My book *Notes on Counting: An Introduction to Enumerative Combinatorics* should be published by Cambridge University Press in June this year, as part of the Australian Mathematical Society Lecture Series.

If you have read some of my lecture notes on enumerative combinatorics, you may want to know that this book contains more than just the union of all the notes I have written on this subject!

If you are interested, there is a flyer, and preorder form, here.

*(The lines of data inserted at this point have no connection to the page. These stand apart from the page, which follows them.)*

(* For all positive integers $m,n$ and any $(A,\boldsymbol{\gamma})\in[0,1)^{m\times n}\times[0,1)^m$, we have $\mathcal{C}(A,\boldsymbol{\gamma})\neq\emptyset$ if and only if $(A,\boldsymbol{\gamma})\notin\mathbf{Bad}(m,n)$.
   Context: $[0,1)^{m\times n}$ is the set of real $m\times n$ matrices with entries in $[0,1)$. For $\boldsymbol{x}\in\mathbb{R}^n$, $\|\boldsymbol{x}\|=\max_i|x_i|$; for $\boldsymbol{y}\in\mathbb{R}^m$, $\langle\boldsymbol{y}\rangle=\min_{\boldsymbol{p}\in\mathbb{Z}^m}\|\boldsymbol{y}-\boldsymbol{p}\|$. ''Decreasing'' means non-increasing. $\mathcal{C}$ is the set of decreasing $\psi:\mathbb{N}\to[0,\infty)$ with $\sum_{q\ge1}q^{n-1}\psi(q)^m<\infty$. $\mathcal{C}(A,\boldsymbol{\gamma})=\{\psi\in\mathcal{C}:\langle A\boldsymbol{q}-\boldsymbol{\gamma}\rangle<\psi(\|\boldsymbol{q}\|)\text{ for infinitely many }\boldsymbol{q}\in\mathbb{Z}^n\}$. $\mathbf{Bad}(m,n)=\{(A,\boldsymbol{\gamma}):\liminf_{\boldsymbol{q}\in\mathbb{Z}^n,\|\boldsymbol{q}\|\to\infty}\|\boldsymbol{q}\|^n\langle A\boldsymbol{q}-\boldsymbol{\gamma}\rangle^m>0\}$. *)

From HB Require Import structures.
From mathcomp Require Import all_boot all_order all_algebra.
From mathcomp Require Import all_classical all_reals all_analysis.
Set Implicit Arguments. Unset Strict Implicit. Unset Printing Implicit Defensive.
Import Order.TTheory GRing.Theory Num.Theory.
Import numFieldNormedType.Exports.
Local Open Scope classical_set_scope.
Local Open Scope ring_scope.

Definition znorm (n : nat) (q : 'cV[int]_n) : nat := \max_(i < n) `|q i ord0|%N.

Definition supnorm (R : realType) (m : nat) (y : 'cV[R]_m) : R :=
  \big[Num.max/0]_(i < m) `|y i ord0|.

(* <y> = min_{p in Z^m} ||y - p|| (the minimum exists; written as inf) *)
Definition dZ (R : realType) (m : nat) (y : 'cV[R]_m) : R :=
  inf [set supnorm (y - map_mx (fun z : int => z%:~R) p) | p in [set: 'cV[int]_m]].

Definition affv (R : realType) (m n : nat) (A : 'M[R]_(m, n)) (g : 'cV[R]_m)
  (q : 'cV[int]_n) : 'cV[R]_m :=
  A *m map_mx (fun z : int => z%:~R) q - g.

Definition unit_mx (R : realType) (m n : nat) (A : 'M[R]_(m, n)) : Prop :=
  forall i j, 0 <= A i j /\ A i j < 1.

Definition classC (R : realType) (m n : nat) (psi : nat -> R) : Prop :=
  (forall q, 0 <= psi q) /\
  (forall i j, (i <= j)%N -> psi j <= psi i) /\
  cvgn (series (fun k : nat => (k.+1)%:R ^+ (n - 1) * psi k.+1 ^+ m)).

Definition classCA (R : realType) (m n : nat) (A : 'M[R]_(m, n)) (g : 'cV[R]_m)
  : set (nat -> R) :=
  [set psi | classC m n psi /\
     infinite_set [set q : 'cV[int]_n | dZ (affv A g q) < psi (znorm q)]].

Definition liminf_znorm (R : realType) (n : nat) (f : 'cV[int]_n -> R) : \bar R :=
  ereal_sup [set ereal_inf [set (f q)%:E | q in [set q | (N <= znorm q)%N]]
            | N in [set: nat]].

Definition Bad (R : realType) (m n : nat) : set ('M[R]_(m, n) * 'cV[R]_m) :=
  [set Ag | (0 < liminf_znorm
       (fun q : 'cV[int]_n => ((znorm q)%:R ^+ n * dZ (affv Ag.1 Ag.2 q) ^+ m)%R))%E].
Arguments Bad {R} m n.

From HB Require Import structures.
From mathcomp Require Import all_boot all_order all_algebra.
From mathcomp Require Import all_classical all_reals all_analysis.
From mathcomp Require Import ring lra zify.
Import Order.TTheory GRing.Theory Num.Theory.
Import numFieldNormedType.Exports.
Local Open Scope classical_set_scope.
Local Open Scope ring_scope.

(* If psi is in C, the block of the series between h and 2h dominates
   h^n psi(2h)^m, so q^n psi(q)^m -> 0 by monotonicity; infinitely many q with
   <Aq - gamma> < psi(||q||) then force the liminf defining Bad to vanish.
   Conversely, if that liminf is 0, pick q_k with strictly increasing norms t_k
   and t_k^n <Aq_k - gamma>^m < 2^-(k+1).  The values
   d_k = (2^-(k+1) / t_k^n)^(1/m) decrease and exceed <Aq_k - gamma>, and the
   step function equal to d_k on ]t_(k-1), t_k] lies in C, because its
   contribution to the series on that block is at most t_k^n d_k^m = 2^-(k+1). *)

Lemma leq_znorm {n : nat} (q : 'cV[int]_n) (i : 'I_n) : (`|q i ord0| <= znorm q)%N.
Proof. exact: (@leq_bigmax _ (fun i => `|q i ord0|%N)). Qed.

Lemma finite_znorm_lt (n B : nat) : finite_set [set q : 'cV[int]_n | (znorm q < B)%N].
Proof.
pose shift (x : 'cV['I_B.*2.+1]_n) := map_mx (fun i : 'I_B.*2.+1 => i%:Z - B%:Z) x.
apply: (@sub_finite_set _ _ (shift @` setT)); last exact/finite_image/finite_finset.
move=> q /= qB; exists (\matrix_(i, j) inord (absz (q i j + B%:Z))) => //.
apply/matrixP => i j; rewrite !mxE; have -> : j = ord0 by apply: ord1.
have /andP[qiB Bqi] : - B%:Z < q i ord0 < B%:Z.
  by rewrite -ltr_norml -abszE ltz_nat (leq_ltn_trans (leq_znorm q i)).
have qB0 : 0 <= q i ord0 + B%:Z by lia.
rewrite inordK; first by rewrite gez0_abs ?addrK.
by rewrite -ltz_nat gez0_abs //; lia.
Qed.

Lemma infinite_znorm_unbounded (n : nat) (S : set 'cV[int]_n) :
  infinite_set S -> forall B, exists q, S q /\ (B <= znorm q)%N.
Proof.
move=> Sinf B; apply: contrapT => noq.
apply/Sinf/(sub_finite_set _ (finite_znorm_lt n B)).
by move=> q Sq /=; rewrite ltnNge; apply/negP => Bq; apply: noq; exists q.
Qed.

Lemma dZ_ge0 {R : realType} {m : nat} (y : 'cV[R]_m) : 0 <= dZ y.
Proof.
apply: lb_le_inf; first by exists (supnorm (y - map_mx intr 0)), 0.
move=> _ [p _ <-]; apply: (big_ind (fun x => 0 <= x)) => // x1 x2 x1_ge0 _.
by rewrite le_max x1_ge0.
Qed.

Lemma liminf_znorm_gt0P (R : realType) (n : nat) (f : 'cV[int]_n -> R) :
  (0 < liminf_znorm f)%E <->
  exists2 c, 0 < c & exists N, forall q, (N <= znorm q)%N -> c <= f q.
Proof.
split.
  move=> /ereal_sup_gt[_ [N _ <-]]; set I := ereal_inf _ => I_gt0.
  have I_le q : (N <= znorm q)%N -> (I <= (f q)%:E)%E.
    by move=> Nq; apply: ereal_inf_lbound; exists q.
  case: I I_gt0 I_le => [c | | //] c_gt0 I_le.
    by exists c => //; exists N => q /I_le.
  by exists 1 => //; exists N => q /I_le.
move=> [c c_gt0 [N Nc]]; apply: (@lt_le_trans _ _ c%:E); first by rewrite lte_fin.
apply: le_trans (ereal_sup_ubound _); last by exists N.
by apply: le_ereal_inf_tmp => _ [q Nq <-]; rewrite lee_fin; apply: Nc.
Qed.

Section ClassCDecay.
Context {R : realType} {m n : nat} {psi : nat -> R}.
Hypotheses (n_gt0 : (0 < n)%N) (psiC : classC m n psi).

Let u k := (k.+1)%:R ^+ (n - 1) * psi k.+1 ^+ m.

Lemma classC_block_le h : h%:R ^+ n * psi h.*2 ^+ m <= series u h.*2 - series u h.
Proof.
have [psi_ge0 [psi_dec _]] := psiC.
rewrite sub_series_geq -?addnn ?leq_addr //.
apply: (@le_trans _ _ (\sum_(h <= i < h + h) h%:R ^+ (n - 1) * psi (h + h)%N ^+ m)).
  by rewrite sumr_const_nat addnK -[X in _ <= X]mulr_natl mulrA -exprS subn1 prednK.
apply: ler_sum_nat => i /andP[hi ih]; apply: ler_pM; rewrite ?exprn_ge0 ?psi_ge0 //.
  by rewrite lerXn2r ?nnegrE ?ler_nat //; lia.
by rewrite lerXn2r ?nnegrE ?psi_dec //; lia.
Qed.

Lemma classC_decay c :
  0 < c -> exists K, forall k, (K <= k)%N -> k%:R ^+ n * psi k ^+ m < c.
Proof.
move=> c_gt0; have [psi_ge0 [psi_dec /cvg_ex[l /cvgrPdist_lt u_cvg]]] := psiC.
have e_gt0 : 0 < c / (2 * 3 ^+ n) by rewrite divr_gt0 // mulr_gt0 // exprn_gt0.
have [H _ near_l] := u_cvg _ e_gt0.
exists (H.*2 + 2)%N => k Hk; set h := k./2.
have [Hh h2k k3h] : [/\ (H <= h)%N, (h.*2 <= k)%N & (k <= 3 * h)%N].
  by move: (odd_double_half k) Hk; rewrite -/h; case: (odd k) => /= ? ?; split; lia.
have block_lt : series u h.*2 - series u h < c / 3 ^+ n.
  have H2h : (H <= h.*2)%N by lia.
  have := near_l h Hh; have := near_l _ H2h.
  rewrite /= !ltr_norml => /andP[? ?] /andP[? ?].
  have -> : c / 3 ^+ n = 2 * (c / (2 * 3 ^+ n)) by field; rewrite expf_neq0.
  lra.
apply: (@le_lt_trans _ _ (3 ^+ n * (h%:R ^+ n * psi h.*2 ^+ m))).
  rewrite mulrA -exprMn; apply: ler_pM; rewrite ?exprn_ge0 //.
    by rewrite lerXn2r ?nnegrE // -natrM ler_nat.
  by rewrite lerXn2r ?nnegrE ?psi_dec.
rewrite mulrC -ltr_pdivlMr ?exprn_gt0 //.
exact: le_lt_trans (classC_block_le h) block_lt.
Qed.

End ClassCDecay.

Section FirstGe.
Context {t : nat -> nat}.
Hypothesis t_incr : forall k, (t k < t k.+1)%N.

Let leq_t : {mono t : i j / (i <= j)%N}.
Proof. exact/leq_mono/(homo_ltn ltn_trans). Qed.

Lemma leq_id_t k : (k <= t k)%N.
Proof. by elim: k => // k IHk; apply: leq_ltn_trans (t_incr k). Qed.

Definition first_ge j := ex_minn (ex_intro (fun i => j <= t i)%N j (leq_id_t j)).

Lemma ltn_first_ge i j : (t i < j)%N = (i < first_ge j)%N.
Proof.
rewrite /first_ge; case: ex_minnP => k jk k_min.
apply/idP/idP => [tij | ik]; rewrite ltnNge.
  by apply: contraTN tij => ki; rewrite -leqNgt (leq_trans jk) ?leq_t.
by apply: contraTN ik => ji; rewrite -leqNgt k_min.
Qed.

Lemma leq_t_first_ge j : (j <= t (first_ge j))%N.
Proof. by rewrite leqNgt ltn_first_ge ltnn. Qed.

Lemma first_ge_t k : first_ge (t k) = k.
Proof.
apply/eqP; rewrite eqn_leq leqNgt -ltn_first_ge ltnn -leq_t.
exact: leq_t_first_ge.
Qed.

Lemma first_ge_homo : {homo first_ge : i j / (i <= j)%N}.
Proof.
move=> i j ij; rewrite leqNgt -ltn_first_ge -leqNgt.
exact: leq_trans ij (leq_t_first_ge j).
Qed.

Lemma first_geS_leq j : (0 < t 0)%N -> (first_ge j.+1 <= j)%N.
Proof.
move=> t0_gt0; rewrite leqNgt -ltn_first_ge ltnS -ltnNge.
by elim: j => // j IHj; apply: leq_ltn_trans IHj (t_incr j).
Qed.

End FirstGe.

Lemma sumr_ltn_const (R : nmodType) (w : R) (T N : nat) :
  \sum_(k < N) (if (k < T)%N then w else 0) = w *+ minn N T.
Proof.
elim: N => [|N IHN]; first by rewrite big_ord0 min0n.
rewrite big_ord_recr /= IHN; case: (ltnP N T) => [NT | TN].
  by rewrite (minn_idPl NT) mulrS addrC.
by rewrite (minn_idPr (leqW TN)) addr0.
Qed.

Section Interpolation.
Context {R : realType} {m n : nat} {t : nat -> nat} {d : nat -> R}.
Hypotheses (n_gt0 : (0 < n)%N) (t0_gt0 : (0 < t 0)%N).
Hypothesis t_incr : forall k, (t k < t k.+1)%N.
Hypotheses (d_ge0 : forall k, 0 <= d k) (d_noninc : nonincreasing_seq d).

Let psi j := d (first_ge t_incr j).

Lemma interpolant_series_le N :
  series (fun k => k.+1%:R ^+ (n - 1) * psi k.+1 ^+ m) N <=
  series (fun k => (t k)%:R ^+ n * d k ^+ m) N.
Proof.
rewrite !seriesEord; pose w i := (t i)%:R ^+ (n - 1) * d i ^+ m.
have w_ge0 i : 0 <= w i by rewrite mulr_ge0 ?exprn_ge0 ?d_ge0.
apply: (@le_trans _ _ (\sum_(k < N) \sum_(i < N) (if (k < t i)%N then w i else 0))).
  apply: ler_sum => k _; set i := first_ge t_incr k.+1.
  have iN : (i < N)%N by apply: leq_ltn_trans (first_geS_leq t_incr k t0_gt0) (ltn_ord k).
  rewrite (bigD1 (Ordinal iN)) //= leq_t_first_ge -[X in X <= _]addr0.
  apply: lerD; last by apply: sumr_ge0 => j _; case: ifP.
  by rewrite /psi ler_wpM2r ?exprn_ge0 // lerXn2r ?nnegrE ?ler_nat ?leq_t_first_ge.
rewrite exchange_big /=; apply: ler_sum => i _; rewrite sumr_ltn_const.
apply: (@le_trans _ _ (w i * (t i)%:R)).
  by rewrite -[X in X <= _]mulr_natr ler_wpM2l // ler_nat geq_minr.
by rewrite /w mulrAC -exprSr subn1 prednK.
Qed.

Lemma exists_classC_interpolant :
  cvgn (series (fun k => (t k)%:R ^+ n * d k ^+ m)) ->
  exists psi : nat -> R, classC m n psi /\ forall k, psi (t k) = d k.
Proof.
move=> d_summable; exists psi; split => [|k]; last by rewrite /psi first_ge_t.
have nondecreasing_partial_sums (u : nat -> R) :
    (forall k, 0 <= u k) -> nondecreasing_seq (series u).
  by move=> u_ge0; apply: nondecreasing_series => k _ _.
split=> [q | ]; first exact: d_ge0.
split=> [i j ij | ]; first exact/d_noninc/first_ge_homo.
apply: nondecreasing_is_cvgn.
  by apply: nondecreasing_partial_sums => k; rewrite mulr_ge0 ?exprn_ge0 ?d_ge0.
exists (limn (series (fun k => (t k)%:R ^+ n * d k ^+ m))) => _ [N _ <-].
apply: le_trans (interpolant_series_le N) (nondecreasing_cvgn_le _ d_summable N).
by apply: nondecreasing_partial_sums => k; rewrite mulr_ge0 ?exprn_ge0 ?d_ge0.
Qed.

End Interpolation.

Lemma powR_invn_expr (R : realType) (m : nat) (x : R) :
  (0 < m)%N -> 0 <= x -> (x `^ m%:R^-1) ^+ m = x.
Proof.
move=> m_gt0 x_ge0.
by rewrite -powR_mulrn ?powR_ge0 // -powRrM mulVf ?powRr1 // pnatr_eq0 -lt0n.
Qed.

Section Approximants.
Context {R : realType} {T : Type} {m n : nat} {nm : T -> nat} {D : T -> R}.
Hypotheses (m_gt0 : (0 < m)%N) (n_gt0 : (0 < n)%N) (D_ge0 : forall x, 0 <= D x).
Hypothesis D_small : forall N e, 0 < e ->
  exists x, (N <= nm x)%N /\ (nm x)%:R ^+ n * D x ^+ m < e.

Lemma exists_sparse_approximants : exists q : nat -> T,
  [/\ (0 < nm (q 0))%N, forall k, (nm (q k) < nm (q k.+1))%N
    & forall k, (nm (q k))%:R ^+ n * D (q k) ^+ m < (2 ^+ k.+1)^-1].
Proof.
have e_gt0 k : 0 < (2 ^+ k.+1)^-1 :> R by rewrite invr_gt0 exprn_gt0.
have [f f_spec] := choice (fun Nk : nat * nat => D_small Nk.1 _ (e_gt0 Nk.2)).
pose q := fix q k := if k is k'.+1 then f ((nm (q k')).+1, k) else f (1%N, 0%N).
exists q; split; first exact: (f_spec (1%N, 0%N)).1.
  by move=> k; exact: (f_spec ((nm (q k)).+1, k.+1)).1.
by case=> [|k]; [exact: (f_spec (1%N, 0%N)).2 | exact: (f_spec ((nm (q k)).+1, k.+1)).2].
Qed.

Lemma exists_classC_approximant :
  exists psi : nat -> R, classC m n psi /\ infinite_set [set x | D x < psi (nm x)].
Proof.
have [q [t0_gt0 t_incr q_small]] := exists_sparse_approximants.
pose t k := nm (q k); pose e k : R := (2 ^+ k.+1)^-1.
pose d k := (e k / (t k)%:R ^+ n) `^ m%:R^-1.
have t_gt0 k : (0 < t k)%N.
  by elim: k => [|k t_gt0]; [exact: t0_gt0 | exact: ltn_trans t_gt0 (t_incr k)].
have tn_gt0 k : 0 < (t k)%:R ^+ n :> R by rewrite exprn_gt0 // ltr0n.
have d_ge0 k : 0 <= d k by apply: powR_ge0.
have d_expr k : d k ^+ m = e k / (t k)%:R ^+ n.
  by rewrite powR_invn_expr // ltW // divr_gt0 // invr_gt0 exprn_gt0.
have D_lt_d k : D (q k) < d k.
  rewrite -(ltr_pXn2r m_gt0) ?nnegrE ?D_ge0 // d_expr ltr_pdivlMr // mulrC.
  exact: q_small.
have d_noninc : nonincreasing_seq d.
  apply/nonincreasing_seqP => k; rewrite -(ler_pXn2r m_gt0) ?nnegrE // !d_expr.
  apply: ler_pM; rewrite ?invr_ge0 ?exprn_ge0 //.
    rewrite lef_pV2 ?posrE ?exprn_gt0 // [X in _ <= X]exprS.
    by rewrite ler_peMl ?exprn_ge0 // ler1n.
  by rewrite lef_pV2 ?posrE // lerXn2r ?nnegrE // ler_nat (ltnW (t_incr k)).
have d_summable : cvgn (series (fun k => (t k)%:R ^+ n * d k ^+ m)).
  rewrite (_ : (fun k => _) = geometric 2^-1 2^-1).
    by apply: is_cvg_geometric_series; rewrite gtr0_norm ?invf_lt1 ?ltr1n.
  apply/funext => k; rewrite d_expr mulrC divfK ?gt_eqF //.
  by rewrite /e /geometric /= exprVn -invfM -exprS.
have [psi [psiC psi_t]] :=
  exists_classC_interpolant n_gt0 t0_gt0 t_incr d_ge0 d_noninc d_summable.
exists psi; split => // S_fin; apply: infinite_nat.
have t_inj : injective t by apply/incn_inj/leq_mono/(homo_ltn ltn_trans).
apply: sub_finite_set (finite_preimage (f := q) _ S_fin).
  by move=> k _ /=; rewrite -/(t k) psi_t.
by move=> i j _ _ qij; apply: t_inj; rewrite /t qij.
Qed.

End Approximants.

Theorem corollary1p3 (R : realType) (m n : nat) (hm : (0 < m)%N) (hn : (0 < n)%N)
  (A : 'M[R]_(m, n)) (g : 'cV[R]_m) :
  unit_mx A -> (forall i, 0 <= g i ord0 /\ g i ord0 < 1) ->
  (classCA A g <> set0 <-> ~ Bad m n (A, g)).
Proof.
move=> _ _; rewrite /Bad /= liminf_znorm_gt0P; split.
  move=> /eqP/set0P[psi [psiC /infinite_znorm_unbounded psi_inf]] [c c_gt0 [N Nc]].
  have [K K_psi] := classC_decay hn psiC _ c_gt0.
  have [q [Dq_lt]] := psi_inf (maxn N K); rewrite geq_max => /andP[Nq Kq].
  suff : c <= (znorm q)%:R ^+ n * psi (znorm q) ^+ m by rewrite leNgt K_psi.
  apply: le_trans (Nc q Nq) _; rewrite ler_wpM2l ?exprn_ge0 //.
  by rewrite lerXn2r ?nnegrE ?dZ_ge0 ?psiC.1 //; exact: ltW Dq_lt.
move=> not_bad; apply/eqP/set0P.
have D_small N e : 0 < e -> exists q,
    (N <= znorm q)%N /\ (znorm q)%:R ^+ n * dZ (affv A g q) ^+ m < e.
  move=> e_gt0; apply: contrapT => no_q; apply: not_bad; exists e => //.
  by exists N => q Nq; rewrite leNgt; apply/negP => small; apply: no_q; exists q.
have [psi psiC_inf] := exists_classC_approximant hm hn (fun q => dZ_ge0 _) D_small.
by exists psi.
Qed.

But no job is ever finished. In the book, at the start of Chapter 4, I prove (as an introductory example for recurrence relations) that the number of compositions of *n* (ordered sequences of positive integers with sum *n*) is 2^{n−1} if *n* ≥ 1. The easy proof involves showing that the number of compositions of *n* is twice the number of compositions of *n*−1. When I came to mark my St Andrews exam, I found that two students had produced a beautifully short and elegant proof of this, which may not be new but was certainly new to me!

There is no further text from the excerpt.